Parable of the spoons

by Richard on September 20, 2004

For some time the cutlery drawer in our kitchen has been unruly. You never seemed to be able to keep knives, forks and spoons in their proper places. There was no obvious reason why that should be so. It isn’t as if we’d been buying more cutlery or anything. But the other day my wife decided it was time it got sorted out. Only a short time later she discovered the root of the problem. “Have a guess how many medicine spoons we’ve got,” came the challenge. The answer was surprising — 24! A short conference ensued. How many medicine spoons does a household require? We settled on 6; excessive perhaps but far less than 2 dozen. This decision made, the drawer was repacked and is now perfectly tidy. It is a paragon of order.
Medicine spoons are Good Things. There was nothing wrong with any of them. The trouble is, they were occupying too much space. Ditching a few of them restored the cutlery drawer to good order.

It has made me think about all the crowding of stuff that occupies my life. There isn’t much that I don’t feel has a place, but it is entirely possible some of that stuff is getting more attention than it should. Certainly there are times when my life feels a bit like an unruly kitchen drawer.

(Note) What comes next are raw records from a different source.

Lemma transported_dec n ts g : Dec D X1 X2 n ts g -> Transported g.
Proof.
  revert ts g. induction n as [|[|m] IH]; intros ts g hd.
  - destruct hd as [z [o _]]. lra.
  - destruct hd as [z [o hp]]. destruct (hp 0%nat ltac:(lia)) as [_ hs].
    rewrite z, o, piece01 in hs. apply transported_side, hs.
  - pose proof (Dec_lt hd) as hl. pose proof hd as [z [o hp]].
    assert (ht1 : 0 < ts 1%nat < 1).
    { split. rewrite <- z. apply hl; lia. rewrite <- o. apply hl; lia. }
    destruct (hp 0%nat ltac:(lia)) as [_ hs]. rewrite z in hs.
    assert (dg : dpathS Tt g).
    { split. apply (proj2 (hgen g)). exists (S (S m)), ts. exact hd. intros; exact Logic.I. }
    apply transported_cut with (ts 1%nat); auto.
    + destruct hs as [hs|hs]; [left|right]; rewrite <- (piece_I1 g 0); apply hs.
    + apply transported_side, hs.
    + exact (IH _ _ (Dec_shift hd)).
Qed.

Theorem all_generated a b (f : Hom Tt (ov a) (ov b)) : Gen j1 j2 a b f.
Proof.
  destruct (mem_ex f) as [g mg]. destruct (mem_rep mg) as [_ [dg [g0 g1]]].
  destruct (proj1 (hgen g) (proj1 dg)) as [n [ts hd]].
  destruct (Ret_on_B a) as [t [ht Et]]. destruct (Ret_on_B b) as [t' [ht' Et']].
  assert (hg0 : Ret (g I0) (ov a) t) by (rewrite g0; exact ht).
  assert (hg1 : Ret (g I1) (ov b) t') by (rewrite g1; exact ht').
  destruct (transported_dec hd hg0 hg1 eq_refl eq_refl) as [f' [G H]].
  destruct (mem_ex f') as [r mr]. destruct (mem_rep mr) as [_ [dr [r0 r1]]].
  destruct (Ret_path ht) as [dt [t0 tq]]. destruct (Ret_path ht') as [dt' [t0' tq']].
  replace f with f'; [exact G|].
  (* g ~ g . const ~ g t' ~ t r ~ const . r ~ r *)
  apply (hom_eq_class mr mg).
  eapply rst_trans. apply rst_sym, (equiv_lunit dr). rewrite r0.
  eapply rst_trans. apply equiv_concat_l. apply rst_sym, Et. auto. congruence.
  eapply rst_trans. apply rst_sym, (H r mr).
  eapply rst_trans. apply equiv_concat_r. exact Et'. auto. congruence.
  rewrite <- g1. apply (equiv_runit dg).
Qed.

End Generation.

Section GluedAdjunction.
Variables (D : dspace) (X1 X2 A1 A2 B1 B2 : pt D -> Prop).
Hypotheses (hAB1 : forall x, A1 x -> B1 x) (hAB2 : forall x, A2 x -> B2 x).
Hypotheses (hBX1 : forall x, B1 x -> X1 x) (hBX2 : forall x, B2 x -> X2 x).
Variables (j1 : functor X1 B1 Tt (union B1 B2)) (j2 : functor X2 B2 Tt (union B1 B2))
  (j1' : functor X1 A1 Tt (union A1 A2)) (j2' : functor X2 A2 Tt (union A1 A2)).
Hypotheses (hj1 : IsIncl j1) (hj2 : IsIncl j2) (hj1' : IsIncl j1') (hj2' : IsIncl j2').
Variables (P1 : functor X1 B1 X1 A1) (P2 : functor X2 B2 X2 A2)
  (k1 : functor X1 A1 X1 B1) (k2 : functor X2 A2 X2 B2)
  (eta1 : forall c, Hom X1 (ov c) (ov (fo k1 (fo P1 c))))
  (eta2 : forall c, Hom X2 (ov c) (ov (fo k2 (fo P2 c))))
  (eps1 : forall d, Hom X1 (ov (fo P1 (fo k1 d))) (ov d))
  (eps2 : forall d, Hom X2 (ov (fo P2 (fo k2 d))) (ov d)).
Hypotheses (hP1 : FutureRetract P1 k1 eta1 eps1) (hP2 : FutureRetract P2 k2 eta2 eps2).
Hypothesis heta : forall (y1 : Ob X1 B1) (y2 : Ob X2 B2), ov y1 = ov y2 ->
  exists w, mem (eta1 y1) w /\ mem (eta2 y2) w.
Variables (iota : functor Tt (union A1 A2) Tt (union B1 B2))
  (P : functor Tt (union B1 B2) Tt (union A1 A2)).
Hypotheses (hiota : IsIncl iota) (hPj1 : FunEqC j1 P P1 j1') (hPj2 : FunEqC j2 P P2 j2').
Hypothesis hgen : forall a b f, Gen j1 j2 a b f.

Definition side1 (x : pt D) (h : B1 x) : Ob X1 B1 := exist _ x (conj (hBX1 h) h).
Definition side2 (x : pt D) (h : B2 x) : Ob X2 B2 := exist _ x (conj (hBX2 h) h).

Lemma j_side1 (c : Ob Tt (union B1 B2)) (h : B1 (ov c)) : fo j1 (side1 h) = c.
Proof. apply Ob_eq. rewrite (proj1 hj1). reflexivity. Qed.
Lemma j_side2 (c : Ob Tt (union B1 B2)) (h : B2 (ov c)) : fo j2 (side2 h) = c.
Proof. apply Ob_eq. rewrite (proj1 hj2). reflexivity. Qed.

Lemma P_side1 (y : Ob X1 B1) : ov (fo P (fo j1 y)) = ov (fo P1 y).
Proof. rewrite (proj1 hPj1), (proj1 hj1'). reflexivity. Qed.
Lemma P_side2 (y : Ob X2 B2) : ov (fo P (fo j2 y)) = ov (fo P2 y).
Proof. rewrite (proj1 hPj2), (proj1 hj2'). reflexivity. Qed.

Lemma P_fixes_A (d : Ob Tt (union A1 A2)) : ov (fo P (fo iota d)) = ov d.
Proof.
  assert (hd : union A1 A2 (ov (fo iota d))) by (rewrite (proj1 hiota); exact (proj2 (proj2_sig d))).
  destruct hd as [h|h].
  - pose proof (P_side1 (side1 (hAB1 h))) as E. rewrite j_side1 in E.
    rewrite E, (retract_fixes hP1 (y := side1 (hAB1 h)) h). apply (proj1 hiota).
  - pose proof (P_side2 (side2 (hAB2 h))) as E. rewrite j_side2 in E.
    rewrite E, (retract_fixes hP2 (y := side2 (hAB2 h)) h). apply (proj1 hiota).
Qed.

Definition UnitRep (c : Ob Tt (union B1 B2)) (r : I -> pt D) : Prop :=
  (exists y : Ob X1 B1, ov y = ov c /\ mem (eta1 y) r) \/
  (exists y : Ob X2 B2, ov y = ov c /\ mem (eta2 y) r).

{ 12 comments… read them below or add one }

1

timsamoff 09.20.04 at 6:20 pm

Wow. I don’t even know what a medicine spoon is?!

2

Richard 09.20.04 at 8:12 pm

It’s just a plastic spoon for giving a measured dose of medicine with — 2.5 or 5ml usually. They often come included with bottles of stuff from the chemist’s shop, which I suppose is how we ended up with so many.

3

Jan 09.20.04 at 10:43 pm

Perhaps the spoons are first cousins to teh wire coathangers which breed in the back of teh wardrobe?
Shalom,
Jan

4

Richard 09.20.04 at 11:04 pm

Hmmm - things must be different down your way Jan. In my experience p=n+1, where p is the number of shirts waiting to be put on hangers and n is the number of coathangers available.

5

Brian 09.20.04 at 11:29 pm

At least in the US, when you take shirts to the cleaners (to be pressed & starched) they come back on cheap metal hangers and you wind up with about a million of them in the closet. Your equation works perfectly in our coat closet, though!

6

Bene Diction 09.21.04 at 12:45 am

Twist ties.
Like your medicine spoons, they are like tribbles.
They multiply, and turn up in the oddest places.:^)

7

Richard 09.21.04 at 7:25 am

There’s a transatlanntic cultural difference Brian — my shirts go in the washing machine, not to the cleaners! Do people really still have their shirts starched then?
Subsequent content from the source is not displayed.